請求項3の発明によれば、重量の有るプレッシャレギュレータが、吸込用接続口体およびリターン用接続口体の有るプランジャ式ポンプの他端側に配置されることで、一層、反対側(モータ部)と重量的にバランスしやすくなる。これにより、燃料供給装置は、プレッシャレギュレータを活用して、一層、振れにくくできる。
【0018】
請求項4の発明によれば、吸気管部材を中心としたモータ部やプランジャ式ポンプ部に生ずる、回転モーメントは抑えられ、燃料供給装置は、一層、振れ難くなる。
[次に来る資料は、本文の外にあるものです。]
(* For every lifted Bayesian network for conditional probability logic (LBN-CPL) $\mathfrak{G}$ over a relational signature $\sigma$ there is an LBN-CPL $\mathfrak{G}'$ over a relational signature $\sigma'\supseteq\sigma$ such that, for every finite domain $D$, the probability distribution on $\sigma$-structures with domain $D$ induced by $\mathfrak{G}$ equals the distribution of the $\sigma$-reducts of the structures under the distribution induced by $\mathfrak{G}'$, and such that every relation symbol $R\in\sigma'$ is either a root node of the graph of $\mathfrak{G}'$ or has only root nodes as parents, and in the latter case all probabilities $\mu(R\mid\chi_{R,i})$ associated with $R$ in $\mathfrak{G}'$ are $0$ or $1$.
   Context: Relational signatures are possibly multi-sorted, without equality; a finite domain assigns a finite set to each sort; $\sigma$-structures and sort-appropriate tuples are as usual. Conditional probability logic formulas (CPL) over $\sigma$: atomic formulas $R(t_1,\dots,t_n)$ with sort-appropriate variables or constants; closure under $\neg,\wedge,\vee,\rightarrow$ and $\forall_x,\exists_x$; and for any real $r\ge 0$, CPL formulas $\varphi,\psi,\theta,\tau$ and a tuple of distinct variables $\vec{y}$ (which become bound), the formulas $r+\|\varphi\mid\psi\|_{\vec{y}}\ge\|\theta\mid\tau\|_{\vec{y}}$ and $\|\varphi\mid\psi\|_{\vec{y}}\ge\|\theta\mid\tau\|_{\vec{y}}+r$. Semantics in a finite structure $\mathfrak{X}$ under an assignment $\iota$: first-order clauses as usual; writing $|\varphi|_{\vec{y},\iota}$ for the number of sort-appropriate tuples $\vec{b}$ with $\mathfrak{X}\models_{\iota_{\vec{y}:\vec{b}}}\varphi$, the formula $r+\|\varphi\mid\psi\|_{\vec{y}}\ge\|\theta\mid\tau\|_{\vec{y}}$ holds iff $|\tau|_{\vec{y},\iota}>0$, $|\psi|_{\vec{y},\iota}>0$ and $r+\frac{|\varphi\wedge\psi|_{\vec{y},\iota}}{|\psi|_{\vec{y},\iota}}\ge\frac{|\theta\wedge\tau|_{\vec{y},\iota}}{|\tau|_{\vec{y},\iota}}$, and analogously for the other form. An LBN-CPL over $\sigma$ consists of: a directed acyclic graph $G$ with node set $\sigma$; for each $R\in\sigma$ a finite tuple $(\chi_{R,i}(\vec{x}))_{i\le\nu_R}$ of CPL formulas over the signature $\mathrm{par}(R)$ of $G$-parents of $R$ ($\vec{x}$ sort-appropriate of length the arity of $R$) such that $\forall\vec{x}\bigvee_i\chi_{R,i}(\vec{x})$ is true in all $\mathrm{par}(R)$-structures and $\exists\vec{x}(\chi_{R,i}(\vec{x})\wedge\chi_{R,j}(\vec{x}))$ is unsatisfiable for $i\ne j$; and for each $R$ and $i$ a number $\mu(R\mid\chi_{R,i})\in[0,1]$. On a finite domain $D$ it induces the distribution on $\sigma$-structures with domain $D$ given by the Bayesian network with nodes the ground atoms $R(\vec{a})$, an edge from $R_1(\vec{b})$ to $R_2(\vec{a})$ whenever $R_1\to R_2$ in $G$, and where $R(\vec{a})$ is true with probability $\mu(R\mid\chi_{R,i})$ for the unique $i$ such that $\chi_{R,i}(\vec{a})$ holds in the structure given by the parent values. Root nodes have no parents (their only partition is the formula ''true''). *)

From HB Require Import structures.
From mathcomp Require Import all_boot all_order all_algebra.
From mathcomp Require Import reals.
Set Implicit Arguments.
Unset Strict Implicit.
Unset Printing Implicit Defensive.
Import Order.TTheory GRing.Theory Num.Theory.
Local Open Scope ring_scope.

Record signature (Srt : finType) := Signature {
  sym : finType;
  ar : sym -> seq Srt }.

(* Variables carry their sort: (name, sort). *)
Definition var (Srt : finType) := (nat * Srt)%type.

(* FCge1 r ys f1 f2 f3 f4  :  r + ||f1 | f2||_ys >= ||f3 | f4||_ys      *)
(* FCge2 r ys f1 f2 f3 f4  :  ||f1 | f2||_ys >= ||f3 | f4||_ys + r      *)
Inductive form (Srt : finType) (S : Type) (R : Type) :=
| FTrue
| FAtom of S & seq (var Srt)
| FNeg of form Srt S R
| FAnd of form Srt S R & form Srt S R
| FOr of form Srt S R & form Srt S R
| FImp of form Srt S R & form Srt S R
| FAll of var Srt & form Srt S R
| FEx of var Srt & form Srt S R
| FCge1 of R & seq (var Srt) & form Srt S R & form Srt S R & form Srt S R & form Srt S R
| FCge2 of R & seq (var Srt) & form Srt S R & form Srt S R & form Srt S R & form Srt S R.

Arguments FTrue {Srt S R}.

Section Syntax.
Variables (Srt : finType) (sg : signature Srt) (R : realType).
Local Notation form := (form Srt (sym sg) R).

Fixpoint syms (f : form) : seq (sym sg) :=
  match f with
  | FTrue => [::]
  | FAtom s _ => [:: s]
  | FNeg g => syms g
  | FAnd g h | FOr g h | FImp g h => syms g ++ syms h
  | FAll _ g | FEx _ g => syms g
  | FCge1 _ _ f1 f2 f3 f4 | FCge2 _ _ f1 f2 f3 f4 =>
      syms f1 ++ syms f2 ++ syms f3 ++ syms f4
  end.

Fixpoint fv (f : form) : seq (var Srt) :=
  match f with
  | FTrue => [::]
  | FAtom _ vs => vs
  | FNeg g => fv g
  | FAnd g h | FOr g h | FImp g h => fv g ++ fv h
  | FAll x g | FEx x g => filter (predC1 x) (fv g)
  | FCge1 _ ys f1 f2 f3 f4 | FCge2 _ ys f1 f2 f3 f4 =>
      filter (predC (mem ys)) (fv f1 ++ fv f2 ++ fv f3 ++ fv f4)
  end.

Fixpoint wf (f : form) : bool :=
  match f with
  | FTrue => true
  | FAtom s vs => map snd vs == ar s
  | FNeg g => wf g
  | FAnd g h | FOr g h | FImp g h => wf g && wf h
  | FAll _ g | FEx _ g => wf g
  | FCge1 r ys f1 f2 f3 f4 | FCge2 r ys f1 f2 f3 f4 =>
      [&& 0 <= r, uniq ys, wf f1, wf f2, wf f3 & wf f4]
  end.
End Syntax.

(* A finite domain is a finite type E with a sort labelling srt; the   *)
(* domain of sort s is {e | srt e = s}.                                *)
(* a structure is the (finite) set of ground atoms that are true.      *)
Section Structures.
Variables (Srt : finType) (sg : signature Srt) (E : finType) (srt : E -> Srt).

Definition wtup (s : sym sg) :=
  {t : (size (ar s)).-tuple E | map srt t == ar s}.

Definition gatom := {s : sym sg & wtup s}.

Definition structure := {set gatom}.

Definition rel_of (A : structure) (s : sym sg) (l : seq E) : bool :=
  [exists a in A, (tag a == s) && (tval (val (tagged a)) == l)].

End Structures.

Section Semantics.
Variables (Srt : finType) (sg : signature Srt) (R : realType)
          (E : finType) (srt : E -> Srt) (A : structure sg srt).

Definition env := var Srt -> option E.
Definition env0 : env := fun _ => None.
Definition upd (en : env) (x : var Srt) (e : E) : env :=
  fun v => if v == x then Some e else en v.
Definition updl (en : env) (ys : seq (var Srt)) (l : seq E) : env :=
  foldl (fun en' p => upd en' p.1 p.2) en (zip ys l).

Fixpoint sat (en : env) (f : form Srt (sym sg) R) {struct f} : bool :=
  match f with
  | FTrue => true
  | FAtom s vs => all (fun v => en v != None) vs && rel_of A s (pmap en vs)
  | FNeg g => ~~ sat en g
  | FAnd g h => sat en g && sat en h
  | FOr g h => sat en g || sat en h
  | FImp g h => sat en g ==> sat en h
  | FAll x g => [forall e : E, (srt e == x.2) ==> sat (upd en x e) g]
  | FEx x g => [exists e : E, (srt e == x.2) && sat (upd en x e) g]
  | FCge1 r ys f1 f2 f3 f4 =>
      let cnt (p : (size ys).-tuple E -> bool) : nat :=
        #|[pred t : (size ys).-tuple E | (map srt t == map snd ys) && p t]| in
      let c12 := cnt (fun t => sat (updl en ys t) f1 && sat (updl en ys t) f2) in
      let c2  := cnt (fun t => sat (updl en ys t) f2) in
      let c34 := cnt (fun t => sat (updl en ys t) f3 && sat (updl en ys t) f4) in
      let c4  := cnt (fun t => sat (updl en ys t) f4) in
      [&& (0 < c4)%N, (0 < c2)%N &
          (c34%:R / c4%:R <= r + c12%:R / c2%:R :> R)]
  | FCge2 r ys f1 f2 f3 f4 =>
      let cnt (p : (size ys).-tuple E -> bool) : nat :=
        #|[pred t : (size ys).-tuple E | (map srt t == map snd ys) && p t]| in
      let c12 := cnt (fun t => sat (updl en ys t) f1 && sat (updl en ys t) f2) in
      let c2  := cnt (fun t => sat (updl en ys t) f2) in
      let c34 := cnt (fun t => sat (updl en ys t) f3 && sat (updl en ys t) f4) in
      let c4  := cnt (fun t => sat (updl en ys t) f4) in
      [&& (0 < c4)%N, (0 < c2)%N &
          (c34%:R / c4%:R + r <= c12%:R / c2%:R :> R)]
  end.
End Semantics.
Arguments env0 {Srt E}.

(* par Q S  means  Q -> S is an edge of G (Q is a parent of S).        *)
(* For each S: variables xs S (the tuple x of chi_{S,i}(x)),           *)
(* formulas chi S i and probabilities mu S i, for i < nu S.            *)
Record lbn (Srt : finType) (R : realType) (sg : signature Srt) := LBN {
  par : rel (sym sg);
  par_acyclic : forall x y, par x y -> ~~ connect par y x;
  nu : sym sg -> nat;
  xs : sym sg -> seq (var Srt);
  chi : forall S : sym sg, 'I_(nu S) -> form Srt (sym sg) R;
  mu : forall S : sym sg, 'I_(nu S) -> R;
  xs_ok : forall S, uniq (xs S) && (map snd (xs S) == ar S);
  chi_wf : forall (S : sym sg) (i : 'I_(nu S)),
    [/\ wf (@chi S i), all (fun Q => par Q S) (syms (@chi S i))
      & all (mem (xs S)) (fv (@chi S i))];
  chi_cover : forall S (E : finType) (srt : E -> Srt) (A : structure sg srt)
      (t : seq E), map srt t = map snd (xs S) ->
      exists i, sat A (updl env0 (xs S) t) (@chi S i);
  chi_disj : forall S (E : finType) (srt : E -> Srt) (A : structure sg srt)
      (t : seq E) (i j : 'I_(nu S)), i != j -> map srt t = map snd (xs S) ->
      ~~ (sat A (updl env0 (xs S) t) (@chi S i)
          && sat A (updl env0 (xs S) t) (@chi S j));
  root_true : forall S, (forall Q, ~~ par Q S) ->
      nu S = 1%N /\ (forall i, @chi S i = FTrue);
  mu_range : forall S i, 0 <= @mu S i <= 1 }.

Definition is_root (Srt : finType) (R : realType) (sg : signature Srt)
  (G : lbn R sg) (S : sym sg) : Prop := forall Q, ~~ par G Q S.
請求項5の発明によれば、さらに効果的に燃料供給装置の各部が振れ難くなる。
【0019】
請求項6の発明によれば、振れにくくした燃料供給装置を活用して、インジェクタの設置、プランジャ式ポンプ部と吸気管部分とが交差する部分を連結する止め部やモータ部の振れを抑える振れ止め部を用いるだけの簡単な構造で、燃料供給装置の全体を強固に吸気管部分に固定することができる。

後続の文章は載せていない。